Definition PR (R : numFieldType) (F : finFieldType) (K NS NR L : nat)
  (eSD : R) (eSR eRD : 'I_L -> R) : R :=
  \sum_(C : 'M[F]_(NS, K)) \sum_(sSD : {ffun 'I_NS -> bool})
  \sum_(sSR : {ffun 'I_L -> {ffun 'I_NS -> bool}})
  \sum_(G : {ffun 'I_L -> 'M[F]_(NR, NS)})
  \sum_(sRD : {ffun 'I_L -> {ffun 'I_NR -> bool}})
    ((#|{: 'M[F]_(NS, K)}|%:R)^-1 * bern_w eSD sSD
     * (\prod_(j < L) bern_w (eSR j) (sSR j))
     * (#|{: {ffun 'I_L -> 'M[F]_(NR, NS)}}|%:R)^-1
     * (\prod_(j < L) bern_w (eRD j) (sRD j))
     * (\rank (recv_space C sSD sSR G sRD) == K)%:R).

Definition Pfull (R : numFieldType) (q K N : nat) (eps : R) : R :=
  \sum_(K <= k < N.+1) ('C(N, k)%:R * (1 - eps) ^+ k * eps ^+ (N - k)
     * \prod_(i < K) (1 - (q%:R ^- (k - i)%N))).

(* Every coefficient vector reaching D, directly or through a relay, is a
   combination of the source vectors received by at least one of D, R_1, ...,
   R_L.  Hence decoding at D forces these source vectors to span F^K.  A source
   packet misses all of D, R_1, ..., R_L independently with probability
   eps = eSD * prod_j eSR_j, and k uniform vectors of F^K span it with
   probability prod_(i<K) (1 - q^(i-k)); averaging over the binomial number k
   of surviving packets gives P(N_S, eps). *)

From mathcomp Require Import all_boot all_order all_algebra all_field.
From mathcomp Require Import mxabelem ring zify.
Import Order.TTheory GRing.Theory Num.Theory.
Local Open Scope ring_scope.
Set Implicit Arguments. Unset Strict Implicit. Unset Printing Implicit Defensive.

Section FullRankCount.
Variable F : finFieldType.

Lemma card_mulmx_sub n p (P : 'M[F]_(n, p)) m (W : 'M[F]_(m, p)) : (W <= P)%MS ->
  #|[pred v : 'rV[F]_n | (v *m P <= W)%MS]| = (#|F| ^ (n - \rank P + \rank W))%N.
Proof.
move=> sWP; rewrite expnD -card_rowg mulnC -sum_nat_const -[LHS]sum1_card.
rewrite (partition_big (mulmxr P) (mem (rowg W))) => [|v]; last by rewrite !inE.
apply: eq_bigr => w /=; rewrite inE => swW.
have /submxP[x Dw] := submx_trans swW sWP.
rewrite (reindex (+%R^~ x)) /=; last first.
  by exists (fun v => v - x) => u _; rewrite ?addrK ?subrK.
rewrite -mxrank_ker -card_rowg -sum1_card; apply: eq_bigl => u.
rewrite !inE mulmxDl -Dw -{3}[w]add0r (can_eq (addrK w)).
by rewrite sub_kermx; case: eqP => [->|_]; rewrite ?add0r ?swW ?andbF.
Qed.

Lemma row_free_col_mx n m (a : 'rV[F]_n) (B : 'M[F]_(m, n)) :
  row_free (col_mx a B) = row_free B && ~~ (a <= B)%MS.
Proof.
rewrite /row_free -addsmxE addsmxC.
have [sab|nsab] := boolP (a <= B)%MS.
  by rewrite andbF (addsmx_idPl sab) ltn_eqF // ltnS rank_leq_row.
have ltB : (\rank B < \rank (B + a))%N.
  rewrite rank_ltmx // ltmxE addsmxSl /=.
  by apply: contra nsab; apply: submx_trans (addsmxSr _ _).
have leB : (\rank (B + a) <= (\rank B).+1)%N.
  apply: leq_trans (mxrank_adds_leqif _ _) _.
  by rewrite -[X in (_ <= X)%N]addn1 leq_add2l rank_leq_row.
have -> : \rank (B + a)%MS = (\rank B).+1 by apply/eqP; rewrite eqn_leq leB.
by rewrite eqSS andbT.
Qed.

Lemma card_row_free_mulmx n p (P : 'M[F]_(n, p)) m :
  #|[pred A : 'M[F]_(m, n) | row_free (A *m P)]|
  = (\prod_(j < m) (#|F| ^ n - #|F| ^ (n - \rank P + j)))%N.
Proof.
elim: m => [|m IHm].
  rewrite big_ord0 -[RHS](card_mx F 0 n); apply: eq_card => A.
  by rewrite inE /row_free flatmx0 mxrank0.
rewrite big_ord_recr /= -IHm -sum_nat_const -[LHS]sum1_card.
rewrite (partition_big (@dsubmx F 1 m n) [pred B | row_free (B *m P)]) /=; last first.
  move=> A; rewrite !inE.
  have -> : A *m P = col_mx (usubmx A *m P) (dsubmx A *m P).
    by rewrite -mul_col_mx vsubmxK.
  by rewrite row_free_col_mx => /andP[].
apply: eq_bigr => B freeB.
rewrite (reindex (col_mx^~ B)) /=; last first.
  exists usubmx => [v _ | A]; first by rewrite col_mxKu.
  by rewrite inE => /andP[_ /eqP <-]; rewrite vsubmxK.
rewrite sum1_card.
rewrite (eq_card (B := [predC [pred v : 'rV[F]_n | (v *m P <= B *m P)%MS]])); last first.
  move=> v; rewrite [v \in _]unfold_in /= !inE; set M := (X in row_free X).
  have -> : M = col_mx (v *m P) (B *m P) := @mul_col_mx _ 1 m n p v B P.
  by rewrite row_free_col_mx col_mxKd eqxx andbT freeB.
rewrite -(addKn #|[pred v : 'rV[F]_n | (v *m P <= B *m P)%MS]| #|[predC _]|) cardC.
by rewrite card_mulmx_sub ?submxMl // (eqP freeB) card_mx mul1n.
Qed.

End FullRankCount.

Lemma prob_full_col_rank_mulmx (R : numFieldType) (F : finFieldType) p n K
    (P : 'M[F]_(p, n)) :
  (#|{: 'M[F]_(n, K)}|%:R)^-1 * \sum_(C : 'M[F]_(n, K)) ((\rank (P *m C) == K)%:R : R)
  = \prod_(j < K) (1 - #|F|%:R ^- (\rank P - j)).
Proof.
have q_gt0 : (0 < #|F|)%N by apply/card_gt0P; exists 0.
have q_neq0 : (#|F|%:R : R) != 0 by rewrite pnatr_eq0 -lt0n.
have -> : \sum_(C : 'M[F]_(n, K)) ((\rank (P *m C) == K)%:R : R)
    = #|[pred A : 'M[F]_(K, n) | row_free (A *m P^T)]|%:R.
  rewrite -sum1_card natr_sum [RHS]big_mkcond /= (reindex (@trmx _ K n)) /=; last first.
    by exists (@trmx _ n K) => A _; rewrite trmxK.
  apply: eq_bigr => A _; rewrite inE /row_free -mxrank_tr trmx_mul !trmxK.
  by case: eqP.
rewrite card_row_free_mulmx mxrank_tr card_mx natr_prod.
have -> : ((#|F| ^ (n * K))%:R : R) = \prod_(j < K) (#|F| ^ n)%:R.
  by rewrite prodr_const card_ord -natrX -expnM mulnC.
have := rank_leq_col P; move: (\rank P) => k le_kn.
rewrite -prodfV -big_split /=; apply: eq_bigr => j _.
have [lt_jk|le_kj] := ltnP j k.
  rewrite natrB ?leq_pexp2l //; last by lia.
  have -> : (#|F| ^ n = #|F| ^ (n - k + j) * #|F| ^ (k - j))%N.
    by rewrite -expnD; congr expn; lia.
  rewrite natrM !natrX; field.
  by rewrite !expf_neq0.
have -> : (k - j = 0)%N by lia.
rewrite expr0 invr1 subrr.
have -> : (#|F| ^ n - #|F| ^ (n - k + j) = 0)%N.
  by apply/eqP; rewrite subn_eq0 leq_pexp2l //; lia.
by rewrite mulr0.
Qed.

Definition mask_mx {F : fieldType} {n} (t : {ffun 'I_n -> bool}) : 'M[F]_n :=
  diag_mx (\row_i (if t i then 1 else 0)).

Section MaskMatrix.
Variable F : fieldType.

Lemma row_mask_mx n m (t : {ffun 'I_n -> bool}) (C : 'M[F]_(n, m)) i :
  row i (mask_mx t *m C) = if t i then row i C else 0.
Proof.
rewrite mul_diag_mx; apply/rowP => j; rewrite !mxE.
by case: (t i); rewrite ?mxE ?mul1r ?mul0r.
Qed.

Lemma mask_mx_subset n m (t t' : {ffun 'I_n -> bool}) (C : 'M[F]_(n, m)) :
  (forall i, t i -> t' i) -> (mask_mx t *m C <= mask_mx t' *m C)%MS.
Proof.
move=> sub_tt'; apply/row_subP => i; rewrite row_mask_mx.
case: ifP => [/sub_tt' t'i|_]; last by rewrite sub0mx.
by apply: (eq_row_sub i); rewrite row_mask_mx t'i.
Qed.

Lemma rank_mask_mx n (t : {ffun 'I_n -> bool}) :
  \rank (mask_mx t : 'M[F]_n) = #|[set i | t i]|.
Proof.
have -> : (mask_mx t :=: \sum_(i | t i) <<delta_mx 0 i : 'rV[F]_n>>)%MS.
  apply/eqmxP/andP; split.
    apply/row_subP => i; rewrite row_diag_mx mxE.
    case: ifP => ti; last by rewrite scale0r sub0mx.
    by rewrite scale1r (sumsmx_sup i) ?genmxE.
  apply/sumsmx_subP => i ti; rewrite genmxE.
  by apply: (eq_row_sub i); rewrite row_diag_mx mxE ti scale1r.
have /mxdirectP -> /= := @mxdirect_delta F _ (fun i => t i) n id (in2W (@inj_id _)).
rewrite -sum1_card; apply: eq_big => [i|i _]; first by rewrite inE.
by rewrite mxrank_gen mxrank_delta.
Qed.

End MaskMatrix.

Section Bernoulli.
Variable R : numDomainType.

Lemma bern_w_ge0 n (e : R) (m : {ffun 'I_n -> bool}) :
  0 <= e <= 1 -> 0 <= bern_w e m.
Proof.
by case/andP=> e0 e1; apply: prodr_ge0 => i _; case: (m i); rewrite ?subr_ge0.
Qed.

Lemma sum_bern_w n (e : 'I_n -> R) :
  \sum_(m : {ffun 'I_n -> bool}) \prod_i (if m i then 1 - e i else e i) = 1.
Proof.
rewrite -(bigA_distr_bigA (fun i (b : bool) => if b then 1 - e i else e i)) /=.
by apply: big1 => i _; rewrite big_bool /= subrK.
Qed.

Lemma sum_prod_bern_w L n (e : 'I_L -> R) :
  \sum_(s : {ffun 'I_L -> {ffun 'I_n -> bool}}) \prod_j bern_w (e j) (s j) = 1.
Proof.
rewrite -(bigA_distr_bigA (fun j (m : {ffun 'I_n -> bool}) => bern_w (e j) m)) /=.
by apply: big1 => j _; apply: (sum_bern_w (fun=> e j)).
Qed.

Lemma sum_bern_exists L (e : 'I_L -> R) (b : bool) :
  \sum_(y : {ffun 'I_L -> bool} | [exists j, y j] == b)
     \prod_j (if y j then 1 - e j else e j)
  = if b then 1 - \prod_j e j else \prod_j e j.
Proof.
have none : \sum_(y : {ffun 'I_L -> bool} | ~~ [exists j, y j])
    \prod_j (if y j then 1 - e j else e j) = \prod_j e j.
  rewrite (big_pred1 [ffun=> false]) => [|y].
    by apply: eq_bigr => j _; rewrite ffunE.
  rewrite /= negb_exists; apply/forallP/eqP => [y0|-> j]; last by rewrite ffunE.
  by apply/ffunP => j; rewrite ffunE; apply/negbTE.
case: b; last by rewrite -none; apply: eq_bigl => y; rewrite eqbF_neg.
have := sum_bern_w e; rewrite (bigID (fun y : {ffun _} => [exists j, y j])) /= none.
by move/(canRL (addrK _)) => <-; apply: eq_bigl => y; rewrite eqb_id.
Qed.

Lemma bern_orb_exists L (e0 : R) (e : 'I_L -> R) (b : bool) :
  \sum_(b0 : bool) (if b0 then 1 - e0 else e0) *
     \sum_(y : {ffun 'I_L -> bool} | (b0 || [exists j, y j]) == b)
        \prod_j (if y j then 1 - e j else e j)
  = if b then 1 - e0 * \prod_j e j else e0 * \prod_j e j.
Proof.
rewrite big_bool /= sum_bern_exists.
case: b; last by rewrite big_pred0 // mulr0 add0r.
by rewrite (eq_bigl xpredT) // sum_bern_w; ring.
Qed.

End Bernoulli.

Lemma sum_prod_ffun_map (R : comPzSemiRingType) (X Y : finType) n
    (p : 'I_n -> X -> R) (f : 'I_n -> X -> Y) (g : {ffun 'I_n -> Y} -> R) :
  \sum_(x : {ffun 'I_n -> X}) (\prod_i p i (x i)) * g [ffun i => f i (x i)]
  = \sum_(t : {ffun 'I_n -> Y}) (\prod_i \sum_(y | f i y == t i) p i y) * g t.
Proof.
rewrite (partition_big (fun x : {ffun 'I_n -> X} => [ffun i => f i (x i)]) xpredT) //=.
apply: eq_bigr => t _; rewrite bigA_distr_big_dep big_distrl /=.
apply: eq_big => [x|x /eqP <-] //.
apply/eqP/familyP => [<- i|ft]; first by rewrite unfold_in ffunE.
by apply/ffunP => i; rewrite ffunE; have := ft i; rewrite unfold_in => /eqP.
Qed.

Definition received_any NS L (sSD : {ffun 'I_NS -> bool})
  (sSR : {ffun 'I_L -> {ffun 'I_NS -> bool}}) : {ffun 'I_NS -> bool} :=
  [ffun i => sSD i || [exists j, sSR j i]].

Lemma sum_bern_received_any (R : numDomainType) NS L (eSD : R) (eSR : 'I_L -> R)
    (g : {ffun 'I_NS -> bool} -> R) :
  \sum_(sSD : {ffun 'I_NS -> bool}) \sum_(sSR : {ffun 'I_L -> {ffun 'I_NS -> bool}})
    bern_w eSD sSD * ((\prod_j bern_w (eSR j) (sSR j)) * g (received_any sSD sSR))
  = \sum_(t : {ffun 'I_NS -> bool}) bern_w (eSD * \prod_j eSR j) t * g t.
Proof.
pose per_packet (x : {ffun 'I_NS -> bool * {ffun 'I_L -> bool}}) :=
  ([ffun i => (x i).1], [ffun j => [ffun i => (x i).2 j]]).
rewrite pair_bigA /= (reindex per_packet) /=; last first.
  exists (fun s : {ffun 'I_NS -> bool} * {ffun 'I_L -> {ffun 'I_NS -> bool}} =>
    [ffun i => (s.1 i, [ffun j => s.2 j i])]) => [x _|[s S] _].
    apply/ffunP => i; rewrite ffunE.
    apply: injective_projections => /=; first by rewrite ffunE.
    by apply/ffunP => j; rewrite !ffunE.
  congr pair; apply/ffunP => i; rewrite !ffunE //=.
  by apply/ffunP => j; rewrite !ffunE.
pose p (c : bool * {ffun 'I_L -> bool}) :=
  (if c.1 then 1 - eSD else eSD) * \prod_j (if c.2 j then 1 - eSR j else eSR j).
transitivity (\sum_(x : {ffun 'I_NS -> bool * {ffun 'I_L -> bool}})
   (\prod_i p (x i)) * g [ffun i => (x i).1 || [exists j, (x i).2 j]]).
  apply: eq_bigr => x _; rewrite mulrA; congr (_ * g _); last first.
    apply/ffunP => i; rewrite !ffunE; congr orb.
    by apply: eq_existsb => j; rewrite !ffunE.
  rewrite /bern_w /p big_split /= exchange_big /=; congr (_ * _).
    by apply: eq_bigr => i _; rewrite ffunE.
  by apply: eq_bigr => j _; apply: eq_bigr => i _; rewrite !ffunE.
rewrite (sum_prod_ffun_map (fun=> p) (fun _ c => c.1 || [exists j, c.2 j])).
apply: eq_bigr => t _; congr (_ * _); apply: eq_bigr => i _.
rewrite -bern_orb_exists; under [RHS]eq_bigr do rewrite big_distrr.
by rewrite pair_big_dep /=; apply: eq_big => [[b y]|[b y] _].
Qed.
----
**Task brief**: Out of the data above, transcribe exactly and only the lines starting with the line that has "rewrite -prodfV -big_split" and going on through the line that has "by case/andP=> e0", both included.

**Your solution**:
rewrite -prodfV -big_split /=; apply: eq_bigr => j _.
have [lt_jk|le_kj] := ltnP j k.
  rewrite natrB ?leq_pexp2l //; last by lia.
  have -> : (#|F| ^ n = #|F| ^ (n - k + j) * #|F| ^ (k - j))%N.
    by rewrite -expnD; congr expn; lia.
  rewrite natrM !natrX; field.
  by rewrite !expf_neq0.
have -> : (k - j = 0)%N by lia.
rewrite expr0 invr1 subrr.
have -> : (#|F| ^ n - #|F| ^ (n - k + j) = 0)%N.
  by apply/eqP; rewrite subn_eq0 leq_pexp2l //; lia.
by rewrite mulr0.
Qed.

Definition mask_mx {F : fieldType} {n} (t : {ffun 'I_n -> bool}) : 'M[F]_n :=
  diag_mx (\row_i (if t i then 1 else 0)).

Section MaskMatrix.
Variable F : fieldType.

Lemma row_mask_mx n m (t : {ffun 'I_n -> bool}) (C : 'M[F]_(n, m)) i :
  row i (mask_mx t *m C) = if t i then row i C else 0.
Proof.
rewrite mul_diag_mx; apply/rowP => j; rewrite !mxE.
by case: (t i); rewrite ?mxE ?mul1r ?mul0r.
Qed.

Lemma mask_mx_subset n m (t t' : {ffun 'I_n -> bool}) (C : 'M[F]_(n, m)) :
  (forall i, t i -> t' i) -> (mask_mx t *m C <= mask_mx t' *m C)%MS.
Proof.
move=> sub_tt'; apply/row_subP => i; rewrite row_mask_mx.
case: ifP => [/sub_tt' t'i|_]; last by rewrite sub0mx.
by apply: (eq_row_sub i); rewrite row_mask_mx t'i.
Qed.

Lemma rank_mask_mx n (t : {ffun 'I_n -> bool}) :
  \rank (mask_mx t : 'M[F]_n) = #|[set i | t i]|.
Proof.
have -> : (mask_mx t :=: \sum_(i | t i) <<delta_mx 0 i : 'rV[F]_n>>)%MS.
  apply/eqmxP/andP; split.
    apply/row_subP => i; rewrite row_diag_mx mxE.
    case: ifP => ti; last by rewrite scale0r sub0mx.
    by rewrite scale1r (sumsmx_sup i) ?genmxE.
  apply/sumsmx_subP => i ti; rewrite genmxE.
  by apply: (eq_row_sub i); rewrite row_diag_mx mxE ti scale1r.
have /mxdirectP -> /= := @mxdirect_delta F _ (fun i => t i) n id (in2W (@inj_id _)).
rewrite -sum1_card; apply: eq_big => [i|i _]; first by rewrite inE.
by rewrite mxrank_gen mxrank_delta.
Qed.

End MaskMatrix.

Section Bernoulli.
Variable R : numDomainType.

Lemma bern_w_ge0 n (e : R) (m : {ffun 'I_n -> bool}) :
  0 <= e <= 1 -> 0 <= bern_w e m.
Proof.
by case/andP=> e0 e1; apply: prodr_ge0 => i _; case: (m i); rewrite ?subr_ge0.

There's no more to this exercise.